I mention all this because it is dangerous to be half a rationalist, and only stop making one of the two mistakes.  If you are going to reject impractical 'clever arguments' that would never work in real life, and henceforth not try to multiply tiny probabilities by huge payoffs, then you had also better reject all the clever arguments that would've led Fermi or Szilard to assign probabilities much smaller than ten percent.  (Listing out a group of conjunctive probabilities leading up to taking an important action, and not listing any disjunctive probabilities, is one widely popular way of driving down the apparent probability of just about anything.)  Or if you would've tried to put fission chain reactions into a reference class of 'amazing new energy sources' and then assigned it a tiny probability, or put Szilard into the reference class of 'people who think the fate of the world depends on them', or pontificated about the lack of any positive experimental evidence proving that a chain reaction was possible, blah blah blah etcetera - then your error here can perhaps be compensated for by the opposite error of then trying to multiply the resulting tiny probability by a large impact.  I don't like making clever mistakes that cancel each other out - I consider that idea to also be clever - but making clever mistakes that don't cancel out is worse.

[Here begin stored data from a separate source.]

(* There is an absolute constant $C>0$ such that the following holds. Let $(U,\mathcal{S})$ be a set system with $|U|=n$ and $|\mathcal{S}|=m$ whose sets cover $U$, let $R\subseteq U$ be nonempty, let $\epsilon>0$, $\delta\in(0,1)$, and $\epsilon'=\epsilon/(2\ln(e/\delta))$. Consider the algorithm that sets $R_1=R$, $\mathcal{S}_1=\mathcal{S}$ and for $i=1,\dots,m$: picks a set $S\in\mathcal{S}_i$ with probability proportional to $\exp(\epsilon'|S\cap R_i|)$, outputs $S$, and sets $R_{i+1}=R_i\setminus S$, $\mathcal{S}_{i+1}=\mathcal{S}_i\setminus\{S\}$. Its cost is the number of distinct sets obtained by assigning each element of $R$ to the first set in the output permutation containing it. Then the expected cost is at most $C\big(\ln n+\frac{\ln m}{\epsilon'}\big)\mathrm{OPT}$, i.e. at most $C'\big(\ln n+\frac{\ln m\,\ln(e/\delta)}{\epsilon}\big)\mathrm{OPT}$ for an absolute constant $C'$.
   Context: $\mathrm{OPT}$ denotes the minimum number of sets of $\mathcal{S}$ whose union contains $R$. *)

From HB Require Import structures.
From mathcomp Require Import all_boot all_order all_algebra all_fingroup.
From mathcomp Require Import all_classical all_reals all_analysis.
Set Implicit Arguments. Unset Strict Implicit. Unset Printing Implicit Defensive.
Import Order.TTheory GRing.Theory Num.Theory.
Local Open Scope ring_scope.

Definition perm_of (T : finType) : finType := {perm T}.

Section ExpMech.
Variables (R : realType) (U I : finType) (S : I -> {set U}).

Definition emweight (eps : R) (Rcur : {set U}) (j : I) : R :=
  expR (eps * (#|S j :&: Rcur|)%:R).

Fixpoint seq_prob (eps : R) (Rcur : {set U}) (avail : {set I}) (s : seq I) : R :=
  match s with
  | [::] => 1
  | j :: s' =>
      (if j \in avail
       then emweight eps Rcur j / \sum_(k in avail) emweight eps Rcur k
       else 0) * seq_prob eps (Rcur :\: S j) (avail :\ j) s'
  end.

Definition first_set (s : seq I) (x : U) : option I :=
  ohead [seq j <- s | x \in S j].

Definition order_cost (Rset : {set U}) (s : seq I) : nat :=
  #|[set j : I | [exists x in Rset, first_set s x == Some j]]|.

Definition expected_cost (eps : R) (Rset : {set U}) : R :=
  \sum_(p : perm_of I)
     seq_prob eps Rset [set: I]%SET [seq p j | j <- enum I] *
     (order_cost Rset [seq p j | j <- enum I])%:R.

(* OPT: minimum number of sets whose union contains Rset (default #|I| is
   never attained-irrelevant once the sets cover U, as setT is a cover) *)
Definition opt_cover (Rset : {set U}) : nat :=
  \big[minn/#|I|]_(T : {set I} | Rset \subset \bigcup_(j in T) S j) #|T|.

End ExpMech.

From HB Require Import structures.
From mathcomp Require Import all_boot all_order all_algebra all_fingroup.
From mathcomp Require Import all_classical all_reals all_analysis.
From mathcomp Require Import ring lra zify.
Set Implicit Arguments. Unset Strict Implicit.
Import Order.TTheory GRing.Theory Num.Theory.
Local Open Scope ring_scope.

(* Fix an optimal cover T0 of R, of size k.  While r elements remain
   uncovered, the still-available sets of T0 cover them, so some available set
   meets at least r/k of them.  The potential [potential] is linear below the
   threshold T = 4k ln m/eps' + 1 and grows like 2k ln r above it, so every pick
   covering a new element lowers it by at least 1 unless r > T and the pick is
   light (covers fewer than r/2k elements).  Exponential weights give light
   picks total probability at most 1/m, hence over m steps the expected cost
   is at most potential |R| + 1 = O(k (ln n + ln m / eps')). *)

Lemma ler_sum_subset_uniq (R : numDomainType) (T : eqType) (s1 s2 : seq T)
    (F : T -> R) :
  uniq s1 -> uniq s2 -> {subset s1 <= s2} -> (forall x, 0 <= F x) ->
  \sum_(x <- s1) F x <= \sum_(x <- s2) F x.
Proof.
move=> u1 u2 s12 F0.
have -> : \sum_(x <- s1) F x = \sum_(x <- s2 | x \in s1) F x.
  rewrite -[RHS]big_filter; apply: perm_big; apply: uniq_perm; rewrite ?filter_uniq //.
  by move=> x; rewrite mem_filter andb_idr //; apply: s12.
by rewrite [leRHS](bigID (mem s1)) /= lerDl sumr_ge0.
Qed.

Section Cost.
Variables (R : realType) (U I : finType) (S : I -> {set U}) (eps : R).

Fixpoint all_seqs (n : nat) : seq (seq I) :=
  if n is n'.+1 then [seq j :: s | j <- index_enum I, s <- all_seqs n']
  else [:: [::]].

Lemma all_seqs_uniq n : uniq (all_seqs n).
Proof.
elim: n => [//|n IH] /=.
apply: allpairs_uniq => //; first exact: index_enum_uniq.
by move=> [a s] [b t] _ _ /= [-> ->].
Qed.

Lemma mem_all_seqs s : s \in all_seqs (size s).
Proof.
elim: s => [|j s IH] /=; first by rewrite inE.
by apply: allpairs_f => //; rewrite mem_index_enum.
Qed.

Lemma first_set_cons j s x :
  first_set S (j :: s) x = if x \in S j then Some j else first_set S s x.
Proof. by rewrite /first_set /=; case: ifP. Qed.

Lemma first_set_mem s x j : first_set S s x = Some j -> x \in S j.
Proof.
elim: s => [//|j' s IH]; rewrite first_set_cons.
by case: ifP => [xj [<-] //|_ /IH].
Qed.

Definition used_sets (Rc : {set U}) (s : seq I) : {set I} :=
  [set j | [exists x in Rc, first_set S s x == Some j]].

Lemma used_sets_nil Rc : used_sets Rc [::] = finset.set0.
Proof. by apply/setP => j; rewrite !inE; apply/existsP => -[x /andP[]]. Qed.

Lemma notin_used_sets_setD Rc j s : j \notin used_sets (Rc :\: S j) s.
Proof.
rewrite inE; apply/existsP => -[x /andP[]]; rewrite !inE => /andP[xNj _].
by move/eqP/first_set_mem; rewrite (negbTE xNj).
Qed.

Lemma first_set_cons_neq j j' s x : j' != j ->
  (first_set S (j :: s) x == Some j') = (x \notin S j) && (first_set S s x == Some j').
Proof.
move=> j'Nj; rewrite first_set_cons; case: ifP => //= _.
by apply/negbTE; apply: contra j'Nj => /eqP[->].
Qed.

Lemma mem_used_sets_cons_neq Rc j j' s : j' != j ->
  (j' \in used_sets Rc (j :: s)) = (j' \in used_sets (Rc :\: S j) s).
Proof.
move=> j'Nj; rewrite !inE; apply: eq_existsb => x.
by rewrite first_set_cons_neq // inE andbA [(x \in Rc) && _]andbC.
Qed.

Lemma mem_used_sets_cons_head Rc j s :
  (j \in used_sets Rc (j :: s)) = (S j :&: Rc != finset.set0).
Proof.
rewrite inE; apply/existsP/set0Pn; case=> x.
  by case/andP=> xR /eqP/first_set_mem xj; exists x; rewrite inE xj.
by move=> /setIP[xj xR]; exists x; rewrite xR first_set_cons xj eqxx.
Qed.

Lemma used_sets_cons Rc j s :
  used_sets Rc (j :: s) =
  if S j :&: Rc == finset.set0 then used_sets (Rc :\: S j) s
  else j |: used_sets (Rc :\: S j) s.
Proof.
apply/setP => j'; have [->|j'Nj] := eqVneq j' j.
  rewrite mem_used_sets_cons_head.
  by case: eqP => _; rewrite ?setU11 ?(negbTE (notin_used_sets_setD _ _ _)).
by rewrite mem_used_sets_cons_neq //; case: eqP => _; rewrite ?in_setU1 ?(negbTE j'Nj).
Qed.

Lemma order_cost_nil Rc : order_cost S Rc [::] = 0%N.
Proof. by rewrite /order_cost -/(used_sets _ _) used_sets_nil cards0. Qed.

Lemma order_cost_cons Rc j s :
  order_cost S Rc (j :: s) =
  ((S j :&: Rc != finset.set0) + order_cost S (Rc :\: S j) s)%N.
Proof.
rewrite /order_cost -!/(used_sets _ _) used_sets_cons.
by case: eqP => _; rewrite ?cardsU1 ?notin_used_sets_setD.
Qed.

On the other hand, if you want a general heuristic that could've led Fermi to do better, I would suggest reasoning that previous-historical experimental proof of a chain reaction would not be strongly be expected even in worlds where it was possible, and that to discover a chain reaction to be impossible would imply learning some new fact of physical science which was not already known.  And this is not just 20-20 hindsight; Szilard and Rabi saw the logic in advance of the fact, not just afterward - though not in those exact terms; they just saw the physical logic, and then didn't adjust it downward for 'absurdity' or with more complicated rationalizations.  But then if you are going to take this sort of reasoning at face value, without adjusting it downward, then it's probably not a good idea to panic every time you assign a 0.01% probability to something big - you'll probably run into dozens of things like that, at least, and panicking over them would leave no room to wait until you found something whose face-value probability was large.

I don't believe in multiplying tiny probabilities by huge impacts.  But I also believe that Fermi could have done better than saying ten percent, and that it wasn't just random luck mixed with overconfidence that led Szilard and Rabi to assign higher probabilities than that.  Or to name a modern issue which is still open, Michael Shermer should not have dismissed the possibility of molecular nanotechnology, and Eric Drexler will not have been randomly lucky when it turns out to work: taking current physical models at face value imply that molecular nanotechnology ought to work, and if it doesn't work we've learned some new fact unknown to present physics, etcetera.  Taking the physical logic at face value is fine, and there's no need to adjust it downward for any particular reason; if you say that Eric Drexler should 'adjust' this probability downward for whatever reason, then I think you're giving him rules that predictably give him the wrong answer.  Sometimes surface appearances are misleading, but most of the time they're not.

A key test I apply to any supposed rule of reasoning about high-impact scenarios is, "Does this rule screw over the planet if Reality actually hands us a high-impact scenario?" and if the answer is yes, I discard it and move on.  The point of rationality is to figure out which world we actually live in and adapt accordingly, not to rule out certain sorts of worlds in advance.

There's a doubly-clever form of the argument wherein everyone in a plausibly high-impact position modestly attributes only a tiny potential possibility that their face-value view of the world is sane, and then they multiply this tiny probability by the large impact, and so they act anyway and on average worlds in trouble are saved.  I don't think this works in real life - I don't think I would have wanted Leo Szilard to think like that.  I think that if your brain really actually thinks that fission chain reactions have only a tiny probability of being important, you will go off and try to invent better refrigerators or something else that might make you money.  And if your brain does not really feel that fission chain reactions have a tiny probability, then your beliefs and aliefs are out of sync and that is not something I want to see in people trying to handle the delicate issue of nuclear weapons.  But in any case, I deny the original premise:  I do not think the world's niches for heroism must be populated by heroes who are incapable in principle of reasonably distinguishing themselves from a population of crackpots, all of whom have no choice but to continue on the tiny off-chance that they are not crackpots.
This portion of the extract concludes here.